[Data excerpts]
(* Let $u$ be a positive solution of $\frac{u''}{1+(u')^2}=\frac{xu'}{2}-\frac u2+\frac{n-1}{u}$ on a finite interval $(x_1,x_2)$. If $u'<0$ and $u''>0$ on $(x_1,x_2)$, then $\lim_{x\to x_2}u(x)>0$.
   Context: $n\ge 2$ is a fixed integer. *)

From Stdlib Require Import Reals.
From Coquelicot Require Import Coquelicot.

(* As long as u' < 0 and u'' > 0, the slope u' stays in [-M, 0) with M := -u'(x0), so u is
   decreasing and M-Lipschitz on [x0, x2).  If u tended to 0 at x2 it would therefore satisfy
   u(x) <= M (x2 - x), and the equation (with n - 1 >= 1) would force
   u'' >= 1/u - C >= 1/(M (x2 - x)) - C.  Integrating, u' would grow like -log(x2 - x)/M and
   become positive, a contradiction.  Hence u is bounded below by some m > 0 near x2, and being
   monotone it has a limit L >= m. *)
From Stdlib Require Import Reals Lra Psatz Classical.
From Coquelicot Require Import Coquelicot.
Open Scope R_scope.

Lemma increment_le_of_derive_le (f g df dg : R -> R) (a b : R) : a <= b ->
  (forall x, a <= x <= b -> is_derive f x (df x)) ->
  (forall x, a <= x <= b -> is_derive g x (dg x)) ->
  (forall x, a <= x <= b -> dg x <= df x) ->
  g b - g a <= f b - f a.
Proof.
  intros Hab Hf Hg Hle.
  destruct (MVT_gen (fun x => f x - g x) a b (fun x => df x - dg x)) as [c [Hc Hmvt]].
  - intros x Hx. rewrite Rmin_left, Rmax_right in Hx by lra.
    apply (is_derive_minus f g); [apply Hf | apply Hg]; lra.
  - intros x Hx. rewrite Rmin_left, Rmax_right in Hx by lra.
    apply continuity_pt_filterlim.
    apply (@ex_derive_continuous R_AbsRing R_NormedModule (fun y => f y - g y)).
    exists (df x - dg x). apply (is_derive_minus f g); [apply Hf | apply Hg]; lra.
  - rewrite Rmin_left, Rmax_right in Hc by lra.
    pose proof (Hle c Hc). simpl in Hmvt. nra.
Qed.

Lemma increment_ge_of_derive_ge (f df : R -> R) (K a b : R) : a <= b ->
  (forall x, a <= x <= b -> is_derive f x (df x)) ->
  (forall x, a <= x <= b -> K <= df x) ->
  K * (b - a) <= f b - f a.
Proof.
  intros Hab Hf HK.
  assert (Hlin : forall x, is_derive (fun y => K * y) x K)
    by (intros x; auto_derive; [easy | ring]).
  pose proof (increment_le_of_derive_le f (fun y => K * y) df (fun _ => K) a b
                Hab Hf (fun x _ => Hlin x) HK).
  lra.
Qed.

Lemma nonincreasing_of_derive_nonpos (f df : R -> R) (a b : R) : a <= b ->
  (forall x, a <= x <= b -> is_derive f x (df x)) ->
  (forall x, a <= x <= b -> df x <= 0) ->
  f b <= f a.
Proof.
  intros Hab Hf Hneg.
  pose proof (increment_le_of_derive_le (fun _ => 0) f (fun _ => 0) df a b Hab
                (fun x _ => is_derive_const 0 x) Hf Hneg).
  lra.
Qed.

Lemma is_derive_neg_log_dist (M C b x : R) : 0 < M -> x < b ->
  is_derive (fun y => - ln (b - y) / M - C * y) x (/ (M * (b - x)) - C).
Proof. intros HM Hx. auto_derive; [lra | field; lra]. Qed.

(* Compare [f] with [- ln (b - x) / M - C x], which is unbounded near [b]. *)
Lemma derive_ge_inv_dist_unbounded (f df : R -> R) (M C a b B : R) :
  0 < M -> 0 <= C -> a < b ->
  (forall x, a <= x < b -> is_derive f x (df x)) ->
  (forall x, a <= x < b -> / (M * (b - x)) - C <= df x) ->
  exists x, a <= x < b /\ B < f x.
Proof.
  intros HM HC Hab Hf Hdf.
  set (A := ln (b - a) - M * (B - f a + C * (b - a))).
  set (d := Rmin ((b - a) / 2) (exp A / 2)).
  assert (Hexp : 0 < exp A) by apply exp_pos.
  assert (Hd0 : 0 < d) by (apply Rmin_glb_lt; lra).
  assert (Hd1 : d <= (b - a) / 2) by apply Rmin_l.
  assert (Hlnd : ln d < A).
  { rewrite <- (ln_exp A). apply ln_increasing; [lra |].
    pose proof (Rmin_r ((b - a) / 2) (exp A / 2)). fold d in H. lra. }
  exists (b - d). split; [lra |].
  pose proof (increment_le_of_derive_le f (fun y => - ln (b - y) / M - C * y) df
                (fun y => / (M * (b - y)) - C) a (b - d) ltac:(lra)
                (fun x Hx => Hf x ltac:(lra))
                (fun x Hx => is_derive_neg_log_dist M C b x HM ltac:(lra))
                (fun x Hx => Hdf x ltac:(lra))) as Hinc.
  cbv beta in Hinc. replace (b - (b - d)) with d in Hinc by ring.
  assert (Hgain : B - f a + C * (b - a) < - ln d / M - - ln (b - a) / M).
  { replace (- ln d / M - - ln (b - a) / M) with ((ln (b - a) - ln d) / M) by (field; lra).
    apply (Rmult_lt_reg_r M); [lra |].
    replace ((ln (b - a) - ln d) / M * M) with (ln (b - a) - ln d) by (field; lra).
    unfold A in Hlnd. lra. }
  assert (0 <= C * d) by (apply Rmult_le_pos; lra).
  lra.
Qed.

Lemma nonincreasing_left_limit (f : R -> R) (a b m : R) : a < b ->
  (forall x y, a < x -> x <= y -> y < b -> f y <= f x) ->
  (forall x, a < x < b -> m <= f x) ->
  exists L, m <= L /\ filterlim f (at_left b) (locally L).
Proof.
  intros Hab Hmono Hm.
  set (E := fun y => exists t, a < t < b /\ y = - f t).
  destruct (completeness E) as [S [HSub HSleast]].
  - exists (- m). intros y [t [Ht ->]]. pose proof (Hm t Ht). lra.
  - exists (- f ((a + b) / 2)), ((a + b) / 2). split; [lra | easy].
  exists (- S). split.
  { assert (S <= - m) by (apply HSleast; intros y [t [Ht ->]]; pose proof (Hm t Ht); lra). lra. }
  apply filterlim_locally. intros eps.
  assert (Hnear : exists t, a < t < b /\ f t < - S + eps).
  { apply NNPP; intro Hfar.
    assert (S <= S - eps).
    { apply HSleast. intros y [t [Ht ->]]. apply Rnot_lt_le. intro.
      apply Hfar. exists t. split; [easy | lra]. }
    pose proof (cond_pos eps). lra. }
  destruct Hnear as [t [Ht Hft]].
  assert (Hdist : 0 < b - t) by lra.
  exists (mkposreal _ Hdist). intros x Hx Hxb.
  unfold ball in Hx |- *; simpl in Hx |- *.
  unfold AbsRing_ball, abs, minus, plus, opp in Hx |- *; simpl in Hx |- *.
  apply Rabs_def2 in Hx.
  assert (Hxt : t <= x) by lra.
  pose proof (Hmono t x ltac:(lra) Hxt Hxb).
  assert (- f x <= S) by (apply HSub; exists x; split; [lra | easy]).
  apply Rabs_def1; lra.
Qed.

Section Lemma2p4.

Variables (n : nat) (x1 x2 : R) (u u1 u2 : R -> R).
Hypotheses (hn : (2 <= n)%nat)
  (hd1 : forall x, x1 < x < x2 -> is_derive u x (u1 x))
  (hd2 : forall x, x1 < x < x2 -> is_derive u1 x (u2 x))
  (hpos : forall x, x1 < x < x2 -> 0 < u x)
  (hode : forall x, x1 < x < x2 ->
     u2 x / (1 + (u1 x) ^ 2) = x * u1 x / 2 - u x / 2 + (INR n - 1) / u x)
  (hdec : forall x, x1 < x < x2 -> u1 x < 0)
  (hconv : forall x, x1 < x < x2 -> 0 < u2 x).

Variable x0 : R.
Hypothesis hx0 : x1 < x0 < x2.

Let M := - u1 x0.

Lemma u_nonincreasing x y : x1 < x -> x <= y -> y < x2 -> u y <= u x.
Proof.
  intros Hx Hxy Hy. apply (nonincreasing_of_derive_nonpos u u1); [easy | |];
    intros z Hz; [apply hd1 | apply Rlt_le, hdec]; lra.
Qed.

Lemma u1_ge_neg_M x : x0 <= x < x2 -> - M <= u1 x.
Proof.
  intros Hx. unfold M.
  pose proof (increment_ge_of_derive_ge u1 u2 0 x0 x ltac:(lra)
    (fun z Hz => hd2 z ltac:(lra)) (fun z Hz => Rlt_le _ _ (hconv z ltac:(lra)))).
  lra.
Qed.

Lemma u_lipschitz x y : x0 <= x -> x <= y -> y < x2 -> u x <= u y + M * (y - x).
Proof.
  intros Hx Hxy Hy.
  pose proof (increment_ge_of_derive_ge u u1 (- M) x y Hxy
    (fun z Hz => hd1 z ltac:(lra)) (fun z Hz => u1_ge_neg_M z ltac:(lra))).
  lra.
Qed.

Lemma u_le_dist_of_inf_zero :
  (forall m, 0 < m -> exists y, x0 < y < x2 /\ u y < m) ->
  forall x, x0 <= x < x2 -> u x <= M * (x2 - x).
Proof.
  intros Hsmall x Hx. apply Rle_plus_epsilon. intros m Hm.
  destruct (Hsmall m Hm) as [y [Hy Huy]].
  assert (0 <= M) by (unfold M; pose proof (hdec x0 hx0); lra).
  destruct (Rle_lt_dec y x) as [Hyx | Hxy].
  - pose proof (u_nonincreasing y x ltac:(lra) Hyx ltac:(lra)).
    assert (0 <= M * (x2 - x)) by (apply Rmult_le_pos; lra). lra.
  - pose proof (u_lipschitz x y ltac:(lra) ltac:(lra) ltac:(lra)).
    assert (M * (y - x) <= M * (x2 - x)) by (apply Rmult_le_compat_l; lra). lra.
Qed.

Let C := (Rabs x2 * M + u x0) / 2.

(* The right-hand side of the equation is positive (it equals u''/(1 + u'^2) > 0), so
   u'' >= rhs, and each term of rhs is bounded below using -M <= u' < 0, u <= u(x0), n >= 2. *)
Lemma u2_ge_inv_u x : x0 <= x < x2 -> / u x - C <= u2 x.
Proof.
  intros Hx.
  assert (Hx' : x1 < x < x2) by lra.
  pose proof (hode x Hx') as Hode. pose proof (hconv x Hx').
  pose proof (hpos x Hx'). pose proof (hdec x Hx'). pose proof (u1_ge_neg_M x Hx).
  pose proof (u_nonincreasing x0 x ltac:(lra) ltac:(lra) ltac:(lra)).
  assert (Hslope : - (Rabs x2 * M) <= x * u1 x).
  { pose proof (Rle_abs x2). destruct (Rle_dec 0 x).
    - assert (0 <= x * (u1 x + M)) by (apply Rmult_le_pos; lra).
      assert (0 <= (Rabs x2 - x) * M) by (apply Rmult_le_pos; lra).
      nra.
    - assert (0 <= Rabs x2 * M) by (apply Rmult_le_pos; [apply Rabs_pos | lra]).
      nra. }
  assert (Hn : 1 <= INR n - 1) by (apply (le_INR 2 n) in hn; simpl in hn; lra).
  assert (Hinv : / u x <= (INR n - 1) / u x).
  { unfold Rdiv. assert (0 < / u x) by (apply Rinv_0_lt_compat; lra). nra. }
  set (rhs := x * u1 x / 2 - u x / 2 + (INR n - 1) / u x) in *.
  assert (Hu2 : u2 x = rhs * (1 + u1 x ^ 2)) by (rewrite <- Hode; field; nra).
  assert (0 < rhs) by nra.
  assert (rhs <= u2 x) by nra.
  unfold rhs, C in *. lra.
Qed.

Lemma u_bounded_below : exists m, 0 < m /\ forall x, x0 < x < x2 -> m <= u x.
Proof.
  apply NNPP. intros Hno.
  assert (Hsmall : forall m, 0 < m -> exists y, x0 < y < x2 /\ u y < m).
  { intros m Hm. apply NNPP. intros Hbig. apply Hno. exists m. split; [easy |].
    intros x Hx. apply Rnot_lt_le. intros Hux. apply Hbig. exists x. easy. }
  assert (HM : 0 < M) by (unfold M; pose proof (hdec x0 hx0); lra).
  assert (HC : 0 <= C).
  { unfold C. pose proof (hpos x0 hx0).
    assert (0 <= Rabs x2 * M) by (apply Rmult_le_pos; [apply Rabs_pos | lra]). lra. }
  destruct (derive_ge_inv_dist_unbounded u1 u2 M C x0 x2 0 HM HC ltac:(lra))
    as [x [Hx Hux]].
  - intros x Hx. apply hd2. lra.
  - intros x Hx.
    pose proof (u_le_dist_of_inf_zero Hsmall x Hx). pose proof (hpos x ltac:(lra)).
    pose proof (u2_ge_inv_u x Hx).
    assert (/ (M * (x2 - x)) <= / u x) by (apply Rinv_le_contravar; lra).
    lra.
  - pose proof (hdec x ltac:(lra)). lra.
Qed.

End Lemma2p4.

Theorem lemma2p4 (n : nat) (hn : (2 <= n)%nat)
  (x1 x2 : R) (hx : x1 < x2)
  (u u1 u2 : R -> R)
  (hd1 : forall x, x1 < x < x2 -> is_derive u x (u1 x))
  (hd2 : forall x, x1 < x < x2 -> is_derive u1 x (u2 x))
  (hpos : forall x, x1 < x < x2 -> 0 < u x)
  (hode : forall x, x1 < x < x2 ->
     u2 x / (1 + (u1 x) ^ 2) = x * u1 x / 2 - u x / 2 + (INR n - 1) / u x)
  (hdec : forall x, x1 < x < x2 -> u1 x < 0)
  (hconv : forall x, x1 < x < x2 -> 0 < u2 x) :
  exists L : R, 0 < L /\ filterlim u (at_left x2) (locally L).
Proof.
  set (x0 := (x1 + x2) / 2).
  assert (Hx0 : x1 < x0 < x2) by (unfold x0; lra).
  destruct (u_bounded_below n x1 x2 u u1 u2 hn hd1 hd2 hpos hode hdec hconv x0 Hx0)
    as [m [Hm Hlow]].
  destruct (nonincreasing_left_limit u x0 x2 m ltac:(lra)) as [L [HmL Hlim]].
  - intros x y Hx Hxy Hy. apply (u_nonincreasing x1 x2 u u1); auto; lra.
  - exact Hlow.
  - exists L. split; [lra | exact Hlim].
Qed.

> _What is expected_
Please repeat word for word the lines above that run from the beginning through the line containing "exists (df x", keeping both the first and that last line.

> _Answer for this exercise_
(* Let $u$ be a positive solution of $\frac{u''}{1+(u')^2}=\frac{xu'}{2}-\frac u2+\frac{n-1}{u}$ on a finite interval $(x_1,x_2)$. If $u'<0$ and $u''>0$ on $(x_1,x_2)$, then $\lim_{x\to x_2}u(x)>0$.
   Context: $n\ge 2$ is a fixed integer. *)

From Stdlib Require Import Reals.
From Coquelicot Require Import Coquelicot.

(* As long as u' < 0 and u'' > 0, the slope u' stays in [-M, 0) with M := -u'(x0), so u is
   decreasing and M-Lipschitz on [x0, x2).  If u tended to 0 at x2 it would therefore satisfy
   u(x) <= M (x2 - x), and the equation (with n - 1 >= 1) would force
   u'' >= 1/u - C >= 1/(M (x2 - x)) - C.  Integrating, u' would grow like -log(x2 - x)/M and
   become positive, a contradiction.  Hence u is bounded below by some m > 0 near x2, and being
   monotone it has a limit L >= m. *)
From Stdlib Require Import Reals Lra Psatz Classical.
From Coquelicot Require Import Coquelicot.
Open Scope R_scope.

Lemma increment_le_of_derive_le (f g df dg : R -> R) (a b : R) : a <= b ->
  (forall x, a <= x <= b -> is_derive f x (df x)) ->
  (forall x, a <= x <= b -> is_derive g x (dg x)) ->
  (forall x, a <= x <= b -> dg x <= df x) ->
  g b - g a <= f b - f a.
Proof.
  intros Hab Hf Hg Hle.
  destruct (MVT_gen (fun x => f x - g x) a b (fun x => df x - dg x)) as [c [Hc Hmvt]].
  - intros x Hx. rewrite Rmin_left, Rmax_right in Hx by lra.
    apply (is_derive_minus f g); [apply Hf | apply Hg]; lra.
  - intros x Hx. rewrite Rmin_left, Rmax_right in Hx by lra.
    apply continuity_pt_filterlim.
    apply (@ex_derive_continuous R_AbsRing R_NormedModule (fun y => f y - g y)).
    exists (df x - dg x). apply (is_derive_minus f g); [apply Hf | apply Hg]; lra.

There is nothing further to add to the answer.